- Pitcher
- Born: April 8, 1899 Deer Park, Wisconsin, U.S.
- Died: July 24, 1985 (aged 86) Redington Beach, Florida, U.S.
- Batted: RightThrew: Left

MLB debut
- April 20, 1934, for the Philadelphia Phillies

Last MLB appearance
- April 20, 1938, for the Cincinnati Reds

MLB statistics
- Win–loss record: 4–9
- Earned run average: 5.26
- Strikeouts: 48
- Stats at Baseball Reference

Teams
- Philadelphia Phillies (1934); Cincinnati Reds (1934); New York Yankees (1936); Cincinnati Reds (1937–1938);

= Ted Kleinhans =

American baseball player (1899–1985)

Theodore Otto Kleinhans (born Traugott Otto Kleinhans, April 8, 1899 – July 24, 1985) was an American Major League Baseball pitcher. He was born in Deer Park, Wisconsin. Kleinhans played 4 seasons in Major League Baseball, with the Philadelphia Phillies and Cincinnati Reds in 1934, the New York Yankees in 1936, and the Reds again in 1937 and 1938. He had a career record of 4–9 in 56 games. He was the third oldest player in Major League Baseball in 1938.

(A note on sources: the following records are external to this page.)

Lemma filtered_is_inf_of_coinitial (F U : T -> Prop) x :
  filtered R F -> is_inf R F x -> (forall f, F f -> U f) ->
  (forall u, U u -> exists f, F f /\ R f u) ->
  filtered R U /\ is_inf R U x.
Proof.
  intros [[f0 Hf0] HF] [Hx_lb Hx_glb] HFU HUF.
  split; split.
  - exists f0; auto.
  - intros u1 u2 Hu1 Hu2.
    destruct (HUF u1 Hu1) as [f1 [Hf1 Hf1u]].
    destruct (HUF u2 Hu2) as [f2 [Hf2 Hf2u]].
    destruct (HF f1 f2 Hf1 Hf2) as [f [Hf [Hff1 Hff2]]].
    exists f; split; [exact (HFU f Hf) | split].
    + exact (R_trans _ _ _ Hff1 Hf1u).
    + exact (R_trans _ _ _ Hff2 Hf2u).
  - intros u Hu. destruct (HUF u Hu) as [f [Hf Hfu]]. exact (R_trans _ _ _ (Hx_lb f Hf) Hfu).
  - intros l Hl. apply Hx_glb. intros f Hf. apply Hl, HFU, Hf.
Qed.

End PosetFacts.

Section ContinuousPosetFacts.
Context {T : Type} {R : T -> T -> Prop}.
Hypothesis HRc : continuous_poset R.

Let HR : is_partial_order R := proj1 HRc.
Let R_refl : forall x, R x x := proj1 HR.
Let R_trans : forall x y z, R x y -> R y z -> R x z := proj2 (proj2 HR).

Lemma approximants x :
  exists S, (forall s, S s -> waybelow R s x) /\ directed R S /\ is_sup R S x.
Proof.
  destruct (proj2 HRc) as [B HB]. destruct (HB x) as [S [HSB HS]].
  exists S. split; [intros s Hs; apply (HSB s Hs) | exact HS].
Qed.

Lemma waybelow_interpolate x y :
  waybelow R x y -> exists w, waybelow R x w /\ waybelow R w y.
Proof.
  intros Hxy.
  destruct (approximants y) as [Sy [HSy_wb [HSy_dir HSy_sup]]].
  set (Y := fun v => exists w, Sy w /\ waybelow R v w).
  assert (HY_dir : directed R Y).
  { split.
    - destruct HSy_dir as [[w Hw] _].
      destruct (approximants w) as [Sw [HSw_wb [[[v Hv] _] _]]].
      exists v, w; auto.
    - intros v1 v2 [w1 [Hw1 Hv1]] [w2 [Hw2 Hv2]].
      destruct (proj2 HSy_dir w1 w2 Hw1 Hw2) as [w [Hw [Hw1w Hw2w]]].
      destruct (approximants w) as [Sw [HSw_wb [HSw_dir HSw_sup]]].
      destruct (Hv1 Sw HSw_dir w HSw_sup Hw1w) as [u1 [Hu1 Hv1u1]].
      destruct (Hv2 Sw HSw_dir w HSw_sup Hw2w) as [u2 [Hu2 Hv2u2]].
      destruct (proj2 HSw_dir u1 u2 Hu1 Hu2) as [u [Hu [Hu1u Hu2u]]].
      exists u. split; [exists w; auto | split; eapply R_trans; eauto]. }
  assert (HY_sup : is_sup R Y y).
  { split.
    - intros v [w [Hw Hvw]].
      exact (R_trans _ _ _ (waybelow_le HR v w Hvw) (proj1 HSy_sup w Hw)).
    - intros u Hu. apply (proj2 HSy_sup). intros w Hw.
      destruct (approximants w) as [Sw [HSw_wb [_ HSw_sup]]].
      apply (proj2 HSw_sup). intros v Hv. apply Hu. exists w; auto. }
  destruct (Hxy Y HY_dir y HY_sup (R_refl y)) as [v [[w [Hw Hvw]] Hxv]].
  exists w. split; [exact (le_waybelow_trans HR x v w Hxv Hvw) | exact (HSy_wb w Hw)].
Qed.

Prior to playing professional baseball, Kleinhans enlisted in the Ohio National Guard. During World War I, the unit was mobilized and sent to France where he was wounded in the Meuse–Argonne offensive. He left the Guard in 1919 as a sergeant. During World War II, he again served his country, this time as a captain with a US Army medical unit stationed in Scotland and England.

From 1947 to 1966 Kleinhans was head coach for the Syracuse Orangemen baseball team, compiling a 156–146 (.516) record. He died in Redington Beach, Florida, where he lived.